Outcomes – not just for investments but in a broader sense – are no longer normally distributed, according to El-Erian. Human beings have trouble dealing with the alternative, which are outcomes that are bifurcated, with “fatter tails” and a higher likelihood of extreme events.
He predicted that people will react in one of four ways when faced with a bimodal distribution: they will have a “complete blind spot” and fail to recognize the distribution; they will average out the extremes; they will succumb to inertia and rely on recent history of events; or they will recognize that they have to do things completely differently.
The first three groups will get things completely wrong, he said, and only the fourth group has a chance of success. El-Erian said the best example came from boxing when Mohammed Ali faced Foreman. George Foreman in the “Rumble in the Jungle” in 1974.
Ali was past the prime of his career and was an underdog. But, according to El-Erian, his team recognized that he was facing a bimodal distribution; he could win by a “miracle,” or would lose and face a high probability of injury. Ali changed his training to ensure that he could defend himself early in the fight against Foreman’s blows, in part by positioning himself against the ropes.
This worked, and by the eight round Foreman had become tired, enabling Ali to knock him out. “That is one of the best examples of people realizing you can face an increasing probability of bimodal outcomes,” El-Erian said, “but you have to have the resilience and agility to adapt.”
Liquidity risk
To illustrate his contention that the most mispriced risk premium in the market is liquidity, El-Erian reminded the audience of the events in May 2013. Ben Bernanke warned that Fed might taper its quantitative easing policies. The word “taper” was new to the investment vocabulary, he said, and it caused “major market dysfunctions,” particularly among less liquid asset classes like emerging markets.
“We don’t realize how little liquidity is available if there is a need for a repositioning,” he said.
Changing market dynamics have increased liquidity risk, he said. The prevalence of regulators and risk controls mean that investors no longer view positioning themselves counter-cyclically as a good thing, he said, and are more inclined to be pro-cyclical. In the “old days,” El-Erian said that end users were very small and intermediaries very large; now their sizes have converged. So the pipeline – market liquidity – has to serve more people, he explained, “but it’s much smaller.”
“What happens? It gets clogged,” he said.

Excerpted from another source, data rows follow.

Lemma mxrank_f_add_g i : \rank (f i + g (i + 1))%MS = (a i + (n - a (i + 1)))%N.
Proof. by have := mxrank_sum_cap (f i) (g (i + 1)); rewrite f_cap_g addn0 mxrank_g. Qed.

Lemma mxrank_f_step i : (a i <= a (i + 1))%N.
Proof.
have := rank_leq_col (f i + g (i + 1))%MS; rewrite mxrank_f_add_g.
have := rank_leq_row (f (i + 1)); lia.
Qed.

Fixpoint fpath (j : int) (m : nat) : 'M[k]_n :=
  if m is m'.+1 then fpath j m' *m f (j + m'%:Z) else 1%:M.

Fixpoint gpath (i : int) (m : nat) : 'M[k]_n :=
  if m is m'.+1 then g (i + m'%:Z) *m gpath i m' else 1%:M.

Definition transport (j i : int) : 'M[k]_n :=
  if j <= i then fpath j `|i - j|%N else gpath i `|j - i|%N.

Lemma gpathS i m : gpath i m.+1 = gpath (i + 1) m *m g i.
Proof.
elim: m i => [|m IHm] i /=; first by rewrite addr0 mulmx1 mul1mx.
by rewrite -/(gpath i m.+1) IHm mulmxA; congr (g _ *m _ *m _); lia.
Qed.

Lemma transport_fpath j m : transport j (j + m%:Z) = fpath j m.
Proof. by rewrite /transport ifT; [congr fpath; lia | lia]. Qed.

Lemma transport_gpath i m : transport (i + m%:Z) i = gpath i m.
Proof.
case: m => [|m]; first by rewrite addr0 /transport lexx subrr.
by rewrite /transport ifF; [congr gpath; lia | lia].
Qed.

Lemma transport_id j : transport j j = 1%:M.
Proof. by have := transport_gpath j 0; rewrite addr0. Qed.

Lemma transport_mul_f j i : transport j i *m f i = if j <= i then transport j (i + 1) else 0.
Proof.
case: ifP => [/lez_addn[m ->] | /negbT]; first by rewrite addz_S !transport_fpath.
rewrite -ltNge -lezD1 => /lez_addn[m ->].
by rewrite -addrA -PoszD add1n transport_gpath gpathS -mulmxA gf0 mulmx0.
Qed.

Lemma transport_mul_g j i :
  transport j (i + 1) *m g i = if j <= i then 0 else transport j i.
Proof.
case: ifP => [/lez_addn[m ->] | /negbT].
  by rewrite addz_S transport_fpath /= -mulmxA fg0 mulmx0.
rewrite -ltNge -lezD1 => /lez_addn[m ->].
by rewrite transport_gpath -addrA -PoszD add1n transport_gpath gpathS.
Qed.

(* The l-th coordinate block of u(r) spans, at vertex l, a complement of
   Im u^(l-1) + Im u_l; [gens i] is such a complement in U_i. *)
Definition gens i := ((f (i - 1) + g i)^C)%MS.

Lemma mxrank_gens i : \rank (gens i) = (a i - a (i - 1))%N.
Proof.
rewrite mxrank_compl; have := mxrank_f_add_g (i - 1); rewrite subrK => ->.
have := mxrank_f_step (i - 1); rewrite subrK; have := rank_leq_row (f i); lia.
Qed.

Variables (t : int) (d : nat).
Hypothesis f_window : step_window (fun i => a i) n t d.

Let mxrank_f_below i : i < t -> a i = 0%N. Proof. by case: f_window => + _ _ _; apply. Qed.
Let mxrank_f_start : (0 < a t)%N. Proof. by case: f_window. Qed.
Let mxrank_f_above i : t + d%:Z <= i -> a i = n. Proof. by case: f_window => _ _ + _; apply. Qed.
Let mxrank_f_last : (0 < d)%N -> (a (t + d%:Z - 1) < n)%N. Proof. by case: f_window. Qed.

Doubters should look at the Russian corporate market where trades are extremely difficult to execute. “Try to find someone willing to take that risk,” he said.

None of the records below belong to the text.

(* Weighted number of open paths leading to the vertex of generation k at
   address w; a path starting at x_0 is counted with weight wt (Y(x_0)).
   wt = 1 gives N^#, wt = indicator of {i} gives N^(i). *)
Fixpoint Nv (m : nat) (c : list nat -> nat) (wt : nat -> nat)
         (k : nat) (w : list nat) : nat :=
  match k with
  | O => wt (c w)
  | S k =>
      if (1 <=? list_sum (map (fun j => Yv m c k (j :: w)) (seq 0 m)))%nat
      then list_sum (map (fun j => Nv m c wt k (j :: w)) (seq 0 m))
      else O
  end.

Definition weight (sharp : bool) (i : nat) (y : nat) : nat :=
  if sharp then 1%nat else if Nat.eqb y i then 1%nat else 0%nat.

Fixpoint assign (L : list (list nat)) (vals : list nat) (a : list nat) : nat :=
  match L with
  | [] => O
  | l :: L => if list_eq_dec Nat.eq_dec l a then hd O vals
              else assign L (tl vals) a
  end.

(* HasExp p K f v : for K i.i.d. variables with law p on nat, the
   (nonnegative) function f of the vector of their values has (finite)
   expectation v; computed as an iterated series (Tonelli). *)
Inductive HasExp (p : nat -> R) : nat -> (list nat -> R) -> R -> Prop :=
| HasExp0 : forall f, HasExp p O f (f [])
| HasExpS : forall K f (g : nat -> R) v,
    (forall y, HasExp p K (fun l => f (y :: l)) (g y)) ->
    infinite_sum (fun y => p y * g y) v ->
    HasExp p (S K) f v.

(* Expectation of a functional F of the i.i.d. generation-0 values (law p)
   on the m^n leaves of the tree above e_n. *)
Definition Expect (p : nat -> R) (m n : nat) (F : (list nat -> nat) -> R)
  (v : R) : Prop :=
  HasExp p (m ^ n) (fun vals => F (assign (addrs m n) vals)) v.

Definition Rprod_upto (e : nat -> R) (n : nat) : R :=
  fold_right Rmult 1 (map e (seq 0 n)).

From Stdlib Require Import Reals List Arith Lia Lra.
From Stdlib Require Import IndefiniteDescription.
From Coquelicot Require Import Coquelicot.
Import ListNotations.
Open Scope R_scope.

(* Proof of Proposition 5.1.  For the pair (Y_n, N_n) consider the four
   moments tilted by m^Y:
     B = E(m^Y), A = E(Y m^Y), C = E(N m^Y), D = E(N Y m^Y),
   so that the quantity of the theorem is E[m^Y (1+Y) N] = C + D.
   The vertex e_(n+1) has m parents carrying i.i.d. copies of (Y_n, N_n);
   with S, T their sums, Y_(n+1) = (S-1)^+ and N_(n+1) = 1{S >= 1} T.
   By independence E(m^S) = B^m, E(S m^S) = m A B^(m-1) and
   E(T S m^S) = m D B^(m-1) + m (m-1) C A B^(m-2).  Pointwise identities
   then give (m-1) A' - B' = (m-1) A B^(m-1) - B^m and
   C' + D' = E(T S m^S) / m, so the relation (m-1) A = B propagates from
   generation 0 to all generations and C' + D' = B^(m-1) (C + D). *)

Lemma infinite_sum_ext (f g : nat -> R) v :
  (forall k, f k = g k) -> infinite_sum f v -> infinite_sum g v.
Proof.
  intros Efg Hf. apply is_series_Reals. apply is_series_Reals in Hf.
  now apply (is_series_ext f).
Qed.

Lemma infinite_sum_plus (f g : nat -> R) a b :
  infinite_sum f a -> infinite_sum g b -> infinite_sum (fun k => f k + g k) (a + b).
Proof.
  intros Hf Hg. apply is_series_Reals. apply is_series_Reals in Hf, Hg.
  exact (is_series_plus _ _ _ _ Hf Hg).
Qed.

Lemma infinite_sum_scal (f : nat -> R) c a :
  infinite_sum f a -> infinite_sum (fun k => c * f k) (c * a).
Proof.
  intros Hf. apply is_series_Reals. apply is_series_Reals in Hf.
  exact (is_series_scal c _ _ Hf).
Qed.

Lemma infinite_sum_le (f g : nat -> R) b :
  (forall k, 0 <= f k <= g k) -> infinite_sum g b ->
  exists a, infinite_sum f a /\ 0 <= a <= b.
Proof.
  intros Hfg Hg. apply is_series_Reals in Hg.
  assert (Ef : ex_series f).
  { apply (ex_series_le f g); [|now exists b].
    intros k. change (Rabs (f k) <= g k). rewrite Rabs_pos_eq; apply Hfg. }
  exists (Series f). split; [apply is_series_Reals, Series_correct, Ef|]. split.
  - rewrite <- (Rmult_0_l (Series f)), <- Series_scal_l.
    apply Series_le; [|exact Ef]. intros k. specialize (Hfg k). lra.
  - rewrite <- (is_series_unique g b Hg).
    apply Series_le; [apply Hfg|now exists b].
Qed.

Lemma HasExp_inv p K f v :
  HasExp p (S K) f v -> exists g,
    (forall y, HasExp p K (fun l => f (y :: l)) (g y)) /\
    infinite_sum (fun y => p y * g y) v.
Proof. intros H. inversion H; subst. eauto. Qed.

Lemma HasExp_ext p K f g v :
  (forall l, f l = g l) -> HasExp p K f v -> HasExp p K g v.
Proof.
  intros Efg H. revert g Efg. induction H as [f|K f g v Hg IH Hsum]; intros f' Efg.
  - rewrite Efg. constructor.
  - apply HasExpS with (g := g); [|exact Hsum].
    intros y. apply IH. intros l. apply Efg.
Qed.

El-Erian is undoubtedly accurate about the underestimation of liquidity risk. That is not peculiar to the current market, however. Under any conditions, the least liquid asset classes will face the greatest stresses in a severe market downturn. That is especially true among asset classes widely held by retail investors who can demand daily redemptions, as with ETFs and mutual funds.
Liquidity risk may be heightened because of elevated market valuations and a higher probability of a market downturn, but that should not be a surprise to anyone.